[INPUT — start]

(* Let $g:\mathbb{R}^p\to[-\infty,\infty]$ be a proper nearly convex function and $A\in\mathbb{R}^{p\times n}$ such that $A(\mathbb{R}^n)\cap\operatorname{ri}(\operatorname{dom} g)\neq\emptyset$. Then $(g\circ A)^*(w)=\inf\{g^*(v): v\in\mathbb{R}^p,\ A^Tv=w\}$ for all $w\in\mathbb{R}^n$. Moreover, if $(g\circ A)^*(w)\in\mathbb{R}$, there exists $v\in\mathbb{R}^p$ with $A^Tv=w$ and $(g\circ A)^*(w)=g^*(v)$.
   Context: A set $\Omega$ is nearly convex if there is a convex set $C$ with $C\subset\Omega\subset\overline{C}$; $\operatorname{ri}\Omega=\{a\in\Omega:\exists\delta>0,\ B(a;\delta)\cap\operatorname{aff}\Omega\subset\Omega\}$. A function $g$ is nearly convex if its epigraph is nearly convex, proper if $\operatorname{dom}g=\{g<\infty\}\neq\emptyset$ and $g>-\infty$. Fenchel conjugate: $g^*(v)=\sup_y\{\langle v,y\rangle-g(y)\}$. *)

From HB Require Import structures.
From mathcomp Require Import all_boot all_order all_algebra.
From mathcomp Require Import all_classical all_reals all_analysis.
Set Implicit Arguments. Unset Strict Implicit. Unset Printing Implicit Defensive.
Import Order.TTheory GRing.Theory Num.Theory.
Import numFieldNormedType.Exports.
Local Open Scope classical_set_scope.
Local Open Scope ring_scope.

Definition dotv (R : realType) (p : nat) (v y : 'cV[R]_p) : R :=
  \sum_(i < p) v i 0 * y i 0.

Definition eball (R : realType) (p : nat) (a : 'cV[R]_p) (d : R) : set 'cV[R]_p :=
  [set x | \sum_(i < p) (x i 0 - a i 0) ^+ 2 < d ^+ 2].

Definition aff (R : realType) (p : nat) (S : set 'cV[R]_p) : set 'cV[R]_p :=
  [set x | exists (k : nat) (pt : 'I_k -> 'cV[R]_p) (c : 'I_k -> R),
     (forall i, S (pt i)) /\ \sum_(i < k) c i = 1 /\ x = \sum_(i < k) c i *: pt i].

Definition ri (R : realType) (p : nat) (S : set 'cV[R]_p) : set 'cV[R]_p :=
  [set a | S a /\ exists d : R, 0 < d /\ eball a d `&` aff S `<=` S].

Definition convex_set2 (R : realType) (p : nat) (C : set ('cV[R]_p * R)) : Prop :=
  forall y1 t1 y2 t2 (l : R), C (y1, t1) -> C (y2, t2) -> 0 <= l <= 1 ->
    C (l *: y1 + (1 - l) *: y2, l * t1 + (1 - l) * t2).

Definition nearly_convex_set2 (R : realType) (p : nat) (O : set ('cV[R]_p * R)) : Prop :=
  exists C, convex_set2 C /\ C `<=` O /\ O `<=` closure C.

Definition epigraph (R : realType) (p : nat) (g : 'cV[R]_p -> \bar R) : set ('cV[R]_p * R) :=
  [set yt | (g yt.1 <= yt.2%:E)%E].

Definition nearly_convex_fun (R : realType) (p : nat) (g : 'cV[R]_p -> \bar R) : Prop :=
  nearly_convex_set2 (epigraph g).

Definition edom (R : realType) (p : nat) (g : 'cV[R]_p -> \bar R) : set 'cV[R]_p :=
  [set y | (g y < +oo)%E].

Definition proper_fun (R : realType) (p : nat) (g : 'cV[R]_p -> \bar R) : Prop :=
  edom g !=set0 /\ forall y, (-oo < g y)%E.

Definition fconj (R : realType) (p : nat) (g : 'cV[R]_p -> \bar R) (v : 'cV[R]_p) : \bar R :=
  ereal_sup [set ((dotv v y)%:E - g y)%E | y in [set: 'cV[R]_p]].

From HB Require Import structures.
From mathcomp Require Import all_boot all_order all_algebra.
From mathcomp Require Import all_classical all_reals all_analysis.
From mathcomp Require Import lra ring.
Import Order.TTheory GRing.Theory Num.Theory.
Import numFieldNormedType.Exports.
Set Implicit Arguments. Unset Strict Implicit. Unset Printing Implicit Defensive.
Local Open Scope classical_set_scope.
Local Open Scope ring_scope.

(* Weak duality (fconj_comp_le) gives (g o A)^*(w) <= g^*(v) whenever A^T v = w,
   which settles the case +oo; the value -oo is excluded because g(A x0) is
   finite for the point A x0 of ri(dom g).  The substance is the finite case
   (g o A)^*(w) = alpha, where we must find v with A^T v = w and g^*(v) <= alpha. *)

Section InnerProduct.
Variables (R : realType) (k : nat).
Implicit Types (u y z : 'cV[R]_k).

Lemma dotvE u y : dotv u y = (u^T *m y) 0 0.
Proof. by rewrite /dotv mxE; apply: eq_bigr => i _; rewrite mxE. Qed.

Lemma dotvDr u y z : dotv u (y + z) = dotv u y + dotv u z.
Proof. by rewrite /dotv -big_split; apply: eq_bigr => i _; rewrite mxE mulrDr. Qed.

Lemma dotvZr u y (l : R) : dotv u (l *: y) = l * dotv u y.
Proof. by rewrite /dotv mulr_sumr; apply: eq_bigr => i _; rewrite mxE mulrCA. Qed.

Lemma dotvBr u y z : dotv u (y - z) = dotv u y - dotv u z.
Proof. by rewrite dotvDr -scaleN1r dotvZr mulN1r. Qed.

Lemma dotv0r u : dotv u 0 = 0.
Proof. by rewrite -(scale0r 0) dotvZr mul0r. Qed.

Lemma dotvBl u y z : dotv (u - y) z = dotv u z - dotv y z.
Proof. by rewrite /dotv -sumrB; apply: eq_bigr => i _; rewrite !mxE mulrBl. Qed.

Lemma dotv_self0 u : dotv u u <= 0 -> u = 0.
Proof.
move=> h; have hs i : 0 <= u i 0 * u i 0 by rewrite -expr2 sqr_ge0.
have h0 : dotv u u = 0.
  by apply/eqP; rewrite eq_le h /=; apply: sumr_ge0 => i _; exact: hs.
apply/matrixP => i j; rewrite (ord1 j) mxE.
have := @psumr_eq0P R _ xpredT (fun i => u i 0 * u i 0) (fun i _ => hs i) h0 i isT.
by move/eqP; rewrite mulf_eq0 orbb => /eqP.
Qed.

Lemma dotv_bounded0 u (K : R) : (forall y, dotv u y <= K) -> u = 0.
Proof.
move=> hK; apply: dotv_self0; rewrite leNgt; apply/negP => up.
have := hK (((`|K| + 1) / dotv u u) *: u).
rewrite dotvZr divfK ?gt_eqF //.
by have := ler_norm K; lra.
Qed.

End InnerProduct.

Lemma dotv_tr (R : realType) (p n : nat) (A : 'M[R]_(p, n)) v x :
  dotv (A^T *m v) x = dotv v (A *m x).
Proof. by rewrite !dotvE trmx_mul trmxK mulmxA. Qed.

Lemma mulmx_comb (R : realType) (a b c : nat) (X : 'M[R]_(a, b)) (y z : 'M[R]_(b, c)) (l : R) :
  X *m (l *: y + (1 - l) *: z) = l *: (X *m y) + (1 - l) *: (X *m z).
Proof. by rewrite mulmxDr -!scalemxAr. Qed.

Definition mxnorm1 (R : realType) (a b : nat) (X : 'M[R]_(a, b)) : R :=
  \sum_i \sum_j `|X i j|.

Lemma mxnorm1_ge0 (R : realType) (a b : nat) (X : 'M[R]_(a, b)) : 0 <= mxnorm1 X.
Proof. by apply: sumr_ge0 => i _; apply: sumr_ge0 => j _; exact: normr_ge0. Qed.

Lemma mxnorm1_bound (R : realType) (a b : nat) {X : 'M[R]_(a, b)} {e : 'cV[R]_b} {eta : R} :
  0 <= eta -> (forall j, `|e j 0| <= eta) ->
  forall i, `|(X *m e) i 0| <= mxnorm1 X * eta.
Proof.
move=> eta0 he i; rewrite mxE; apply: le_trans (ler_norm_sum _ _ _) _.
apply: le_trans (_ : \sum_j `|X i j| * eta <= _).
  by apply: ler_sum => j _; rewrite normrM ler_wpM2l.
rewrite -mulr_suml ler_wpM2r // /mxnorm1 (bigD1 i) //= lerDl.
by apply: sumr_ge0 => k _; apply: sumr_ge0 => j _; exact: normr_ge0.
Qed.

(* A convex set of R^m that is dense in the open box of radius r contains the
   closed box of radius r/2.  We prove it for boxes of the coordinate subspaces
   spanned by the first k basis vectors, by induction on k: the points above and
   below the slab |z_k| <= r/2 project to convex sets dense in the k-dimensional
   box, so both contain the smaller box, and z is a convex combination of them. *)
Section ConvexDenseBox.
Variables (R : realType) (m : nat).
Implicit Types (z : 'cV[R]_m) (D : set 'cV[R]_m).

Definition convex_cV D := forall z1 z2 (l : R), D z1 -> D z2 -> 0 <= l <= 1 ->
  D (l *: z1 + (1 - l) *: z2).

[INPUT — finish]
[INPUT — start]

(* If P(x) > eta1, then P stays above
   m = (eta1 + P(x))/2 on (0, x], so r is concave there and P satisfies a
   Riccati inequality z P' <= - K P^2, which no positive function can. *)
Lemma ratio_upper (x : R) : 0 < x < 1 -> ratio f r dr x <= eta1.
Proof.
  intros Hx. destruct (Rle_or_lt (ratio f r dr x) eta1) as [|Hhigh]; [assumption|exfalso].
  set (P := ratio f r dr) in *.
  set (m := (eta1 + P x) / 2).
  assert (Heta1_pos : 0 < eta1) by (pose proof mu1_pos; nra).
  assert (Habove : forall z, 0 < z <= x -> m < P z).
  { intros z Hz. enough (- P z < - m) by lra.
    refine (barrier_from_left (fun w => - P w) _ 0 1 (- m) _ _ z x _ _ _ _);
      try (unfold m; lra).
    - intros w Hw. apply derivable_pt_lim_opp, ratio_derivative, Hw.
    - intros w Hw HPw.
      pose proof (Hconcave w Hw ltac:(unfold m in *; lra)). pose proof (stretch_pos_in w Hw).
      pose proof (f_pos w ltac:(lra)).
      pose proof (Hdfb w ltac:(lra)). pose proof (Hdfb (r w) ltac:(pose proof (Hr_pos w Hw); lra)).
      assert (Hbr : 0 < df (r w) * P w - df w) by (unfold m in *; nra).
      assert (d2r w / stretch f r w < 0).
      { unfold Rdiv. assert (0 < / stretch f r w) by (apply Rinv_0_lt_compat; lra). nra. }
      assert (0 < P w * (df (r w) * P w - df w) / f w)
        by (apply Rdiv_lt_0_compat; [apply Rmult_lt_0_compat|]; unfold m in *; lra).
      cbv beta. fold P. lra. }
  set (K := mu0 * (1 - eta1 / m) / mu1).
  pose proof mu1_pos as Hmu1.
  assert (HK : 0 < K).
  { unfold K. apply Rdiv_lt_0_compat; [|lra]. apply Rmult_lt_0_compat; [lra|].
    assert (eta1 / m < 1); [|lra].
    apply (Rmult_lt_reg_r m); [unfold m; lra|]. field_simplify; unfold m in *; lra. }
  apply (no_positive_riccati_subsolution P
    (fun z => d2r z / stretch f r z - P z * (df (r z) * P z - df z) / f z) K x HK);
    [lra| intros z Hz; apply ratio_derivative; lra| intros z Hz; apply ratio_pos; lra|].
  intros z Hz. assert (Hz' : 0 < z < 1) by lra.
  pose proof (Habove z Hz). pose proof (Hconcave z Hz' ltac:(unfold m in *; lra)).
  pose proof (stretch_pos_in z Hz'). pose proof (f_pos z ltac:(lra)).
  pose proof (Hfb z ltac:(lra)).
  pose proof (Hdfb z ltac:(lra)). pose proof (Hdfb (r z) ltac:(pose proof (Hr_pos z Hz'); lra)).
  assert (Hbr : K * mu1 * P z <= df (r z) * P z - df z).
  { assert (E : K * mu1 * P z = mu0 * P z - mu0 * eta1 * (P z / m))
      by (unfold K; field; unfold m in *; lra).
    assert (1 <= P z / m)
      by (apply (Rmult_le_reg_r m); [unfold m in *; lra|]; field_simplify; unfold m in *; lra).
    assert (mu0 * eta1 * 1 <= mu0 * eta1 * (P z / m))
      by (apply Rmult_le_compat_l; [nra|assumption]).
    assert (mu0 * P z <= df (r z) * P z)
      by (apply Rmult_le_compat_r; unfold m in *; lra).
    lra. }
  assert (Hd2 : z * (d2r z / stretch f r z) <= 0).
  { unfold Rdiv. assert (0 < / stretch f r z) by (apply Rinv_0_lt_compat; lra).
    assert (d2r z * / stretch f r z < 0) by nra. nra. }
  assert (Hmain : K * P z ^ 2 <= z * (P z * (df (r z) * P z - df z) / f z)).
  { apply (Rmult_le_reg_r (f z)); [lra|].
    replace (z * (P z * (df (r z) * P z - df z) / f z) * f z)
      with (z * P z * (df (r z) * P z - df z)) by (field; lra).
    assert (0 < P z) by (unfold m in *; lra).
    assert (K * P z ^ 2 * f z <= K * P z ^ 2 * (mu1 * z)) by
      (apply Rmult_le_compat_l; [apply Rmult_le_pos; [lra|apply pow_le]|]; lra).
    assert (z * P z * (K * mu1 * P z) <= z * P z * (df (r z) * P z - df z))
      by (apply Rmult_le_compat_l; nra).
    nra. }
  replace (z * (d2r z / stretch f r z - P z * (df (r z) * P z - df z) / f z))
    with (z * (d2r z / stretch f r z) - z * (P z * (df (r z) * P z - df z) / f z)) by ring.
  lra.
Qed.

[INPUT — finish]
[INPUT — start]

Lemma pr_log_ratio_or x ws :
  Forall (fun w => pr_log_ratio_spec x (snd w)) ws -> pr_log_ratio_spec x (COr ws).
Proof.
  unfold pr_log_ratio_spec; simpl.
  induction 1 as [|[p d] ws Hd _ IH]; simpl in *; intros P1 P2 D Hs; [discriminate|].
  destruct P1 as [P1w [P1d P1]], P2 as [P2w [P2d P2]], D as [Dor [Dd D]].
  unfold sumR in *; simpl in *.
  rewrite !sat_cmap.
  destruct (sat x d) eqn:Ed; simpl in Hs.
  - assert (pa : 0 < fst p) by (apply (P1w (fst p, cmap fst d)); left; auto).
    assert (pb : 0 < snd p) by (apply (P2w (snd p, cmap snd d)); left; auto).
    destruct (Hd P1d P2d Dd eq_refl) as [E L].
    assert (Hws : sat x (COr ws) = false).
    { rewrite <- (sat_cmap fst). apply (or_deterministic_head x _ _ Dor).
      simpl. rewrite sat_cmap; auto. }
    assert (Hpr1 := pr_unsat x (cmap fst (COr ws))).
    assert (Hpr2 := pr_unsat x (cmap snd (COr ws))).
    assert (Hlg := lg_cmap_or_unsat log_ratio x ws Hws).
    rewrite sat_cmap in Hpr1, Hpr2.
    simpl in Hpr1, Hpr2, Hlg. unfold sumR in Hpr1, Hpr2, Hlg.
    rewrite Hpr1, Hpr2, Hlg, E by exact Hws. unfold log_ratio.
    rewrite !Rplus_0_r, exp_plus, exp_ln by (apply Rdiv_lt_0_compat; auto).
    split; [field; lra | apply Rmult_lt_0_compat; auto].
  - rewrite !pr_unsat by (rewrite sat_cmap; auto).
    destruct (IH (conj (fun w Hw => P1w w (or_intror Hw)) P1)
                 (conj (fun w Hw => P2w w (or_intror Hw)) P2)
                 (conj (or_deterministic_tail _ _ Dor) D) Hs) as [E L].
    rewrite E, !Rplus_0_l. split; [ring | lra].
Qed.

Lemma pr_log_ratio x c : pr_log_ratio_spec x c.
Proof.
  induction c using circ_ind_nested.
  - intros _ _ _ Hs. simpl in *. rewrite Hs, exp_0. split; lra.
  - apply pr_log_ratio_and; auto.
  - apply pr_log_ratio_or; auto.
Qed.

[INPUT — finish]

=== WHAT YOU SHOULD DO ===
Only the lines from the one containing "Lemma dotv0r u : dotv u 0 = 0." through the one containing "(* A convex" are to be retyped, both boundary lines included, with no other material.

=== WRITTEN RESPONSE ===
Lemma dotv0r u : dotv u 0 = 0.
Proof. by rewrite -(scale0r 0) dotvZr mul0r. Qed.

Lemma dotvBl u y z : dotv (u - y) z = dotv u z - dotv y z.
Proof. by rewrite /dotv -sumrB; apply: eq_bigr => i _; rewrite !mxE mulrBl. Qed.

Lemma dotv_self0 u : dotv u u <= 0 -> u = 0.
Proof.
move=> h; have hs i : 0 <= u i 0 * u i 0 by rewrite -expr2 sqr_ge0.
have h0 : dotv u u = 0.
  by apply/eqP; rewrite eq_le h /=; apply: sumr_ge0 => i _; exact: hs.
apply/matrixP => i j; rewrite (ord1 j) mxE.
have := @psumr_eq0P R _ xpredT (fun i => u i 0 * u i 0) (fun i _ => hs i) h0 i isT.
by move/eqP; rewrite mulf_eq0 orbb => /eqP.
Qed.

Lemma dotv_bounded0 u (K : R) : (forall y, dotv u y <= K) -> u = 0.
Proof.
move=> hK; apply: dotv_self0; rewrite leNgt; apply/negP => up.
have := hK (((`|K| + 1) / dotv u u) *: u).
rewrite dotvZr divfK ?gt_eqF //.
by have := ler_norm K; lra.
Qed.

End InnerProduct.

Lemma dotv_tr (R : realType) (p n : nat) (A : 'M[R]_(p, n)) v x :
  dotv (A^T *m v) x = dotv v (A *m x).
Proof. by rewrite !dotvE trmx_mul trmxK mulmxA. Qed.

Lemma mulmx_comb (R : realType) (a b c : nat) (X : 'M[R]_(a, b)) (y z : 'M[R]_(b, c)) (l : R) :
  X *m (l *: y + (1 - l) *: z) = l *: (X *m y) + (1 - l) *: (X *m z).
Proof. by rewrite mulmxDr -!scalemxAr. Qed.

Definition mxnorm1 (R : realType) (a b : nat) (X : 'M[R]_(a, b)) : R :=
  \sum_i \sum_j `|X i j|.

Lemma mxnorm1_ge0 (R : realType) (a b : nat) (X : 'M[R]_(a, b)) : 0 <= mxnorm1 X.
Proof. by apply: sumr_ge0 => i _; apply: sumr_ge0 => j _; exact: normr_ge0. Qed.

Lemma mxnorm1_bound (R : realType) (a b : nat) {X : 'M[R]_(a, b)} {e : 'cV[R]_b} {eta : R} :
  0 <= eta -> (forall j, `|e j 0| <= eta) ->
  forall i, `|(X *m e) i 0| <= mxnorm1 X * eta.
Proof.
move=> eta0 he i; rewrite mxE; apply: le_trans (ler_norm_sum _ _ _) _.
apply: le_trans (_ : \sum_j `|X i j| * eta <= _).
  by apply: ler_sum => j _; rewrite normrM ler_wpM2l.
rewrite -mulr_suml ler_wpM2r // /mxnorm1 (bigD1 i) //= lerDl.
by apply: sumr_ge0 => k _; apply: sumr_ge0 => j _; exact: normr_ge0.
Qed.

(* A convex set of R^m that is dense in the open box of radius r contains the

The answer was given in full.